1.2.4.1 La colonne de Darcy

Les travaux de Darcy ont bénéficié d’une certaine postérité, la relation linéaire entre le flux et le gradient de charge ayant été nommée de façon éponyme « Loi de Darcy ». Dans l’industrie pétrolière, le nom de l’ingénieur des Ponts et Chaussées, transmuté en Darce, représente ainsi le coefficient d’écoulement des fluides dans les matériaux poreux.
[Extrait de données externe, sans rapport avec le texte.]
(* If $f\in\mathcal F_{\mathrm{CSSA}}$ (with witnesses $Y_\ell,p_\ell,r_\ell,C_\ell,f_\ell,F_\ell,D_\ell$ as in the definition), then $f\log_+f\in\mathcal L^1(\mathbb{R}^d)$; more precisely $$\int_{\mathbb{R}^d}f(y)\log_+f(y)\,\mathrm{d}y\le\sum_{\ell:p_\ell>0}p_\ell\int_{Y_\ell}D_\ell(y)\,\mathrm{d}F_\ell(y)+d\sum_{\ell:p_\ell>0}p_\ell\log_+\!\Big(\frac{2}{r_\ell}\Big)<\infty.$$
   Context: $\log_+t=\max\{\log t,0\}$ for $t>0$, $\log_+0=0$. Densities are w.r.t. Lebesgue measure; $F(A)=\int_Af\,\mathrm{d}x$; $\operatorname{supp}(f)=\{x:f(x)>0\}$. Comparison cubes are closed axis-aligned cubes; partition cubes may be half-open so as to be disjoint. ''A cube of side $r$ with a vertex at $y$'' means a closed axis-aligned cube of side length $r$ having $y$ as one of its vertices. A family of cubes of common side length is adjacent if they have pairwise disjoint interiors and the union of their closures is connected. Definition ($\mathcal F_{\mathrm{FSSA}}$): a density $f$ on $\mathbb{R}^d$ belongs to $\mathcal F_{\mathrm{FSSA}}$ if there exist, for each $m\ge1$, a partition $\operatorname{supp}(f)=A^{(m)}_0\sqcup A^{(m)}_1\sqcup\cdots\sqcup A^{(m)}_m$ in which $A^{(m)}_1,\dots,A^{(m)}_m$ are adjacent cubes of common side length $h_m>0$ and $A^{(m)}_0$ is the remainder, such that: (i) $f$ is continuous on $\operatorname{supp}(f)$ except on a set of $F$-measure zero; (ii) there exist $r>0$ and, for every $y\in\operatorname{supp}(f)$, a comparison cube $C(r,y)$ of side length $r$ containing $y$, such that $D_r(y)=\log\big(f(y)/\inf_{z\in C(r,y)}f(z)\big)$ is measurable on $\operatorname{supp}(f)$ and $\int_{\operatorname{supp}(f)}D_r\,\mathrm{d}F<\infty$; (iii) there exists $M\in\mathbb N$ such that for every $m\ge M$: (a) if $y\in A^{(m)}_0$ then $C(r,y)\cap A^{(m)}_0$ contains a cube of side $r/2$ with a vertex at $y$; (b) if $y\in\operatorname{supp}(f)\setminus A^{(m)}_0$ then $C(r,y)\cap(\operatorname{supp}(f)\setminus A^{(m)}_0)$ contains a cube of side $r/2$ with a vertex at $y$. Definition ($\mathcal F_{\mathrm{CSSA}}$): a density $f$ belongs to $\mathcal F_{\mathrm{CSSA}}$ if there exist a measurable partition $\operatorname{supp}(f)=\bigsqcup_{\ell\ge1}Y_\ell$ with $p_\ell=F(Y_\ell)$, and, for each $\ell$ with $p_\ell>0$, a scale $r_\ell>0$, comparison cubes $C_\ell(y)$ of side $r_\ell$ containing $y$ ($y\in Y_\ell$), and for every $m\ge1$ a partition $Y_\ell=A^{(m)}_{\ell,0}\sqcup\cdots\sqcup A^{(m)}_{\ell,m}$ with $A^{(m)}_{\ell,1},\dots,A^{(m)}_{\ell,m}$ adjacent cubes of common side $h_{\ell,m}>0$, such that for each $\ell$ with $p_\ell>0$ the normalized restriction $f_\ell=f\mathbf 1_{Y_\ell}/p_\ell$ satisfies the definition of $\mathcal F_{\mathrm{FSSA}}$ with these witnesses (scale $r_\ell$, cubes $C_\ell(y)$, these partitions), and, with $F_\ell$ the law of density $f_\ell$ and $D_\ell(y)=\log\big(f_\ell(y)/\inf_{z\in C_\ell(y)}f_\ell(z)\big)$ for $y\in Y_\ell$, one has $\sum_{\ell:p_\ell>0}p_\ell\int_{Y_\ell}D_\ell\,\mathrm{d}F_\ell<\infty$ and $\sum_{\ell:p_\ell>0}p_\ell\log_+(1/r_\ell)<\infty$. *)

(* Points of R^d are d-tuples of reals (d.-tuple R),
   which carry the product (= Borel) sigma-algebra of MathComp-Analysis. *)
From HB Require Import structures.
From mathcomp Require Import all_boot all_order all_algebra.
From mathcomp Require Import all_classical all_reals all_analysis measurable_realfun.
Set Implicit Arguments. Unset Strict Implicit. Unset Printing Implicit Defensive.
Import Order.TTheory GRing.Theory Num.Theory.
Import numFieldNormedType.Exports.
Local Open Scope classical_set_scope.
Local Open Scope ring_scope.

Section Defs.
Variables (R : realType) (d : nat).
Notation pt := (d.-tuple R).

Definition logp (t : R) : R := if t <= 1 then 0 else ln t.

(* mu is Lebesgue measure on R^d: it gives every closed box its volume.
   (This determines mu uniquely on the Borel sets.) *)
Definition is_lebesgue (mu : {measure set pt -> \bar R}) : Prop :=
  forall a b : pt, (forall i, tnth a i <= tnth b i) ->
    mu [set x | forall i, tnth a i <= tnth x i <= tnth b i]
    = (\prod_(i < d) (tnth b i - tnth a i))%:E.

Definition density (mu : {measure set pt -> \bar R}) (f : pt -> R) : Prop :=
  (forall x, 0 <= f x) /\ measurable_fun setT f /\
  (\int[mu]_x (f x)%:E = 1)%E.

Definition supp (f : pt -> R) : set pt := [set x | 0 < f x].

Definition law (mu : {measure set pt -> \bar R}) (f : pt -> R) (A : set pt) : \bar R :=
  (\int[mu]_(x in A) (f x)%:E)%E.

Definition ccube (a : pt) (s : R) : set pt :=
  [set x | forall i, tnth a i <= tnth x i <= tnth a i + s].

Definition ocube (a : pt) (s : R) : set pt :=
  [set x | forall i, tnth a i < tnth x i < tnth a i + s].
L’expérimentation clé de Darcy, qui fait figure d’acte fondateur de l’hydrogéologie quantitative, est l’objet de nombreuses descriptions. Placée dans une arrière-cour dijonnaise, une colonne de 35 centimètres de diamètre, haute de 2,50 mètres, emplie de sable de la Saône, est équipée d’un dispositif permettant de moduler le niveau d’eau et l’épaisseur des granulés. L’importance donnée au contexte spatial constitue un objet d’étude à prendre en compte dans les rappels qui sont faits de cette découverte scientifique. Si l’ouvrage où Darcy rend compte de ses travaux est intitulé Les Fontaines Publiques de la Ville de Dijon, les écrits consacrés à Darcy s’attachent de façon étonnante à la dimension visuelle et locale de l’expérimentation. Inversement, les espaces sont saturés des pratiques scientifiques de l’Ingénieur, Dij on possédant en son centre l’immense place Darcy flanquée du jardin du même nom. La colonne d’expérimentation placée dans la cour de l’hôpital de Dijon, donne aussi une dimension patrimoniale à la loi de la filtration des sols, énoncée dans le contexte de plusieurs années de travail consacrées à l’hydraulique. Les travaux de Darcy ont marqué la physionomie de la ville, avec l’installation d’une borne -fontaine tous les cent mètres et les jets d’eau de la place Wilson. L’adduction d’eau de la source du Rosoir, conçue par l’ingénieur, est toujours en service aujourd’hui.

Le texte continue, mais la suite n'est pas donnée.